_WHAT YOU HAVE TO DO_
Only certain lines below are wanted: those starting at the line containing "intros Hu Hv H0." and ending at the line containing "al * shift f m + be * f m.", both included, each retyped exactly.

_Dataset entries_
>>>

(** * Injectivity on homogeneous differential polynomials *)

Lemma continuity_pt_zero_off (f : R -> R) x0 :
  continuity_pt f x0 -> (forall y, y <> x0 -> f y = 0) -> f x0 = 0.
Proof.
  intros Hc H. destruct (Req_dec (f x0) 0) as [|Hne]; [assumption|exfalso].
  destruct (Hc (Rabs (f x0)) (Rabs_pos_lt _ Hne)) as [delta [Hdelta Hx]].
  assert (Hnear : Rabs (0 - f x0) < Rabs (f x0)).
  { rewrite <- (H (x0 + delta / 2)) by lra. apply Hx. split; [split; [constructor|lra]|].
    simpl. unfold R_dist. replace (x0 + delta / 2 - x0) with (delta / 2) by ring.
    rewrite Rabs_right; lra. }
  rewrite Rminus_0_l, Rabs_Ropp in Hnear. lra.
Qed.

Lemma ex_derive_continuity_pt (f : R -> R) x : ex_derive f x -> continuity_pt f x.
Proof. intros H. apply continuity_pt_filterlim. exact (ex_derive_continuous f x H). Qed.

(* Divide by [mu ^ s] and let [mu -> 0]. *)
Lemma lowest_order_cancels {A : Type} (L : list A) (g : A -> nat) (a : A -> R) (h : A -> R -> R) s :
  (forall x, In x L -> (s <= g x)%nat) ->
  (forall x, In x L -> exists b c, forall mu, h x mu = mu ^ g x * (a x + mu * b + mu ^ 2 * c)) ->
  (forall mu, lsum L (fun x => h x mu) = 0) ->
  lsum L (fun x => if Nat.eqb (g x) s then a x else 0) = 0.
Proof.
  intros Hg Hh Hsum.
  assert (Hfactor : exists F : R -> R, (forall mu, ex_derive F mu)
            /\ F 0 = lsum L (fun x => if Nat.eqb (g x) s then a x else 0)
            /\ forall mu, lsum L (fun x => h x mu) = mu ^ s * F mu).
  { clear Hsum. induction L as [|x L IH].
    - exists (fun _ => 0). repeat split; [intros; apply ex_derive_const|intros; simpl; ring].
    - destruct IH as [F [HF [HF0 HFmu]]];
        [intros; apply Hg; now right|intros; apply Hh; now right|].
      destruct (Hh x (or_introl eq_refl)) as [b [c Hbc]].
      assert (Hsx := Hg x (or_introl eq_refl)).
      exists (fun mu => mu ^ (g x - s) * (a x + mu * b + mu ^ 2 * c) + F mu). repeat split.
      + intros mu. auto_derive. apply HF.
      + rewrite lsum_cons, <- HF0. destruct (Nat.eqb_spec (g x) s) as [->|Hne].
        * rewrite Nat.sub_diag. simpl. ring.
        * rewrite pow_i by lia. ring.
      + intros mu. rewrite lsum_cons, HFmu, Hbc.
        replace (g x) with (s + (g x - s))%nat at 1 by lia. rewrite pow_add. ring. }
  destruct Hfactor as [F [HF [HF0 HFmu]]]. rewrite <- HF0.
  apply continuity_pt_zero_off; [apply ex_derive_continuity_pt, HF|].
  intros mu Hmu. specialize (HFmu mu). rewrite Hsum in HFmu.
  destruct (Rmult_integral _ _ (eq_sym HFmu)) as [H|H]; [|exact H].
  exfalso. exact (pow_nonzero mu s Hmu H).
Qed.
(* Let $V^{(t+1)}=V^{(t)}-\alpha_t\nabla L_t$ with $\alpha_t>0$. If $\alpha_tL_t\le\frac{1}{30p}$, then \[ L_{t+1}\le L_t-\frac{5\alpha_t\lVert\nabla L_t\rVert^2}{6}. \]
   Context: Standing assumption: $h=1/p$ with $p\ge1$. Huberized ReLU: $\phi(z)=0$ for $z<0$, $z^2/(2h)$ for $z\in[0,h]$, $z-h/2$ for $z>h$. Data $(x_1,y_1),\ldots,(x_n,y_n)$ with $x_s\in\mathbb{R}^{d+1}$, $\lVert x_s\rVert=1$, $y_s\in\{-1,1\}$. For $V\in\mathbb{R}^{2p\times(d+1)}$ with rows $v_1,\ldots,v_{2p}$ and fixed $u_1=\cdots=u_p=1$, $u_{p+1}=\cdots=u_{2p}=-1$: $f_V(x)=\sum_{i=1}^{2p}u_i\phi(v_i\cdot x)$, $L(V)=\frac1n\sum_s\ln(1+\exp(-y_sf_V(x_s)))$. $L_t=L(V^{(t)})$, $\nabla L_t=\nabla_VL|_{V=V^{(t)}}$, and $\lVert\cdot\rVert$ is the Frobenius norm. *)

From HB Require Import structures.
From mathcomp Require Import all_boot all_order all_algebra.
From mathcomp Require Import all_classical all_reals all_analysis.
Set Implicit Arguments. Unset Strict Implicit. Unset Printing Implicit Defensive.
Import Order.TTheory GRing.Theory Num.Theory.
Local Open Scope ring_scope.

Section Defs.
Variable R : realType.

Definition hrelu (h z : R) : R :=
  if z < 0 then 0 else if z <= h then z ^+ 2 / (2 * h) else z - h / 2.

Definition uw (p : nat) (i : 'I_(p + p)) : R := if (i < p)%N then 1 else -1.

Definition rowdot (p d : nat) (V : 'M[R]_(p + p, d.+1)) (i : 'I_(p + p))
  (x : 'rV[R]_(d.+1)) : R := \sum_(j < d.+1) V i j * x 0 j.

Definition fnet (p d : nat) (V : 'M[R]_(p + p, d.+1)) (x : 'rV[R]_(d.+1)) : R :=
  \sum_(i < p + p) uw i * hrelu (p%:R)^-1 (rowdot V i x).

Definition loss (p d n : nat) (x : 'I_n -> 'rV[R]_(d.+1)) (y : 'I_n -> R)
  (V : 'M[R]_(p + p, d.+1)) : R :=
  (n%:R)^-1 * \sum_(s < n) ln (1 + expR (- (y s * fnet V (x s)))).

Definition gradM (m k : nat) (F : 'M[R]_(m, k) -> R) (V : 'M[R]_(m, k))
  : 'M[R]_(m, k) :=
  \matrix_(i < m, j < k) derive1 (fun t : R => F (V + t *: delta_mx i j)) 0.

Definition frob2 (m k : nat) (A : 'M[R]_(m, k)) : R :=
  \sum_(i < m) \sum_(j < k) A i j ^+ 2.

End Defs.
Lemma hermite_rec_unique x u v :
  hermite_rec x u -> hermite_rec x v -> u 0%nat = v 0%nat -> forall n, u n = v n.
Proof.
  intros Hu Hv H0.
  enough (H : forall n, u n = v n /\ u (S n) = v (S n)) by (intros n; apply H).
  induction n as [|n [IH1 IH2]].
  - split; [exact H0|]. rewrite Hu, Hv. simpl pred. rewrite H0. ring.
  - split; [exact IH2|]. rewrite Hu, Hv, IH2.
    destruct n; simpl pred; [rewrite H0 | rewrite IH1]; ring.
Qed.

Lemma is_derive_He n x : is_derive (He n) x (INR n * He (pred n) x).
Proof.
  enough (H : forall x, is_derive (He n) x (INR n * He (pred n) x) /\
                        is_derive (He (S n)) x (INR (S n) * He n x))
    by exact (proj1 (H x)).
  clear x; induction n as [|n IH]; intros x.
  - split; simpl; auto_derive; auto; ring.
  - split; [exact (proj2 (IH x))|].
    destruct (IH x) as [D1 D2].
    apply (is_derive_ext (fun t => t * He (S n) t - INR (S n) * He n t)); [reflexivity|].
    replace (INR (S (S n)) * He (S n) x) with
      (He (S n) x + x * (INR (S n) * He n x) - INR (S n) * (INR n * He (pred n) x))
      by (rewrite He_succ; destruct n; simpl; ring).
    (* Abstracting [He n] and [He (S n)] keeps [auto_derive] from unfolding them. *)
    set (d1 := INR n * He (pred n) x) in *. set (d2 := INR (S n) * He n x) in *.
    clearbody d1 d2. revert D1 D2.
    generalize (INR (S n)) (He n) (He (S n)); intros c f g D1 D2.
    auto_derive.
    + split; [exists d2; exact D2|]. split; [exists d1; exact D1|]. exact I.
    + rewrite (is_derive_unique (fun y : R => f y) x d1 D1),
        (is_derive_unique (fun y : R => g y) x d2 D2).
      ring.
Qed.

(** * Products of Hermite polynomials under a rotation *)

(* A sequence [f : nat -> R] stands for the polynomial [Σ_m f m X^m]; then
   [mul_lin al be] multiplies it by [al X + be], and [lower al be D] is the
   operator [al ∂_X + be (D - X ∂_X)] on polynomials of degree at most [D]. *)
Definition shift (f : nat -> R) (m : nat) : R :=
  match m with O => 0 | S m' => f m' end.

Definition delta (m : nat) : R := match m with O => 1 | _ => 0 end.

Lemma delta_support j : (0 < j)%nat -> delta j = 0.
Proof. destruct j; [lia | reflexivity]. Qed.

Definition mul_lin (al be : R) (f : nat -> R) (m : nat) : R :=
  al * shift f m + be * f m.

Definition lower (al be : R) (D : nat) (f : nat -> R) (m : nat) : R :=
  al * INR (S m) * f (S m) + be * (INR D - INR m) * f m.

Lemma mul_lin_ext al be f g m :
  (forall j, f j = g j) -> mul_lin al be f m = mul_lin al be g m.
Proof. intros H. unfold mul_lin, shift. destruct m; rewrite ?H; ring. Qed.

Lemma mul_lin_scal al be x f m :
  mul_lin al be (fun j => x * f j) m = x * mul_lin al be f m.
Proof. unfold mul_lin, shift. destruct m; ring. Qed.

Lemma iter_mul_lin_support al be D f n m :
  (forall j, (D < j)%nat -> f j = 0) -> (n + D < m)%nat ->
  Nat.iter n (mul_lin al be) f m = 0.
Proof.
  intros Hf. revert m. induction n as [|n IH]; intros m Hm; simpl.
  - apply Hf; lia.
  - unfold mul_lin, shift. destruct m as [|m]; [lia|]. rewrite !IH by lia. ring.
Qed.

Lemma lower_mul_lin al be al' be' D f m :
  lower al be (S D) (mul_lin al' be' f) m =
  mul_lin al' be' (lower al be D f) m + (al * al' + be * be') * f m.
Proof.
  unfold lower, mul_lin, shift. destruct m; rewrite !S_INR; simpl; try rewrite S_INR; ring.
Qed.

<<<

_ANSWER BOX_
  intros Hu Hv H0.
  enough (H : forall n, u n = v n /\ u (S n) = v (S n)) by (intros n; apply H).
  induction n as [|n [IH1 IH2]].
  - split; [exact H0|]. rewrite Hu, Hv. simpl pred. rewrite H0. ring.
  - split; [exact IH2|]. rewrite Hu, Hv, IH2.
    destruct n; simpl pred; [rewrite H0 | rewrite IH1]; ring.
Qed.

Lemma is_derive_He n x : is_derive (He n) x (INR n * He (pred n) x).
Proof.
  enough (H : forall x, is_derive (He n) x (INR n * He (pred n) x) /\
                        is_derive (He (S n)) x (INR (S n) * He n x))
    by exact (proj1 (H x)).
  clear x; induction n as [|n IH]; intros x.
  - split; simpl; auto_derive; auto; ring.
  - split; [exact (proj2 (IH x))|].
    destruct (IH x) as [D1 D2].
    apply (is_derive_ext (fun t => t * He (S n) t - INR (S n) * He n t)); [reflexivity|].
    replace (INR (S (S n)) * He (S n) x) with
      (He (S n) x + x * (INR (S n) * He n x) - INR (S n) * (INR n * He (pred n) x))
      by (rewrite He_succ; destruct n; simpl; ring).
    (* Abstracting [He n] and [He (S n)] keeps [auto_derive] from unfolding them. *)
    set (d1 := INR n * He (pred n) x) in *. set (d2 := INR (S n) * He n x) in *.
    clearbody d1 d2. revert D1 D2.
    generalize (INR (S n)) (He n) (He (S n)); intros c f g D1 D2.
    auto_derive.
    + split; [exists d2; exact D2|]. split; [exists d1; exact D1|]. exact I.
    + rewrite (is_derive_unique (fun y : R => f y) x d1 D1),
        (is_derive_unique (fun y : R => g y) x d2 D2).
      ring.
Qed.

(** * Products of Hermite polynomials under a rotation *)

(* A sequence [f : nat -> R] stands for the polynomial [Σ_m f m X^m]; then
   [mul_lin al be] multiplies it by [al X + be], and [lower al be D] is the
   operator [al ∂_X + be (D - X ∂_X)] on polynomials of degree at most [D]. *)
Definition shift (f : nat -> R) (m : nat) : R :=
  match m with O => 0 | S m' => f m' end.

Definition delta (m : nat) : R := match m with O => 1 | _ => 0 end.

Lemma delta_support j : (0 < j)%nat -> delta j = 0.
Proof. destruct j; [lia | reflexivity]. Qed.

Definition mul_lin (al be : R) (f : nat -> R) (m : nat) : R :=
  al * shift f m + be * f m.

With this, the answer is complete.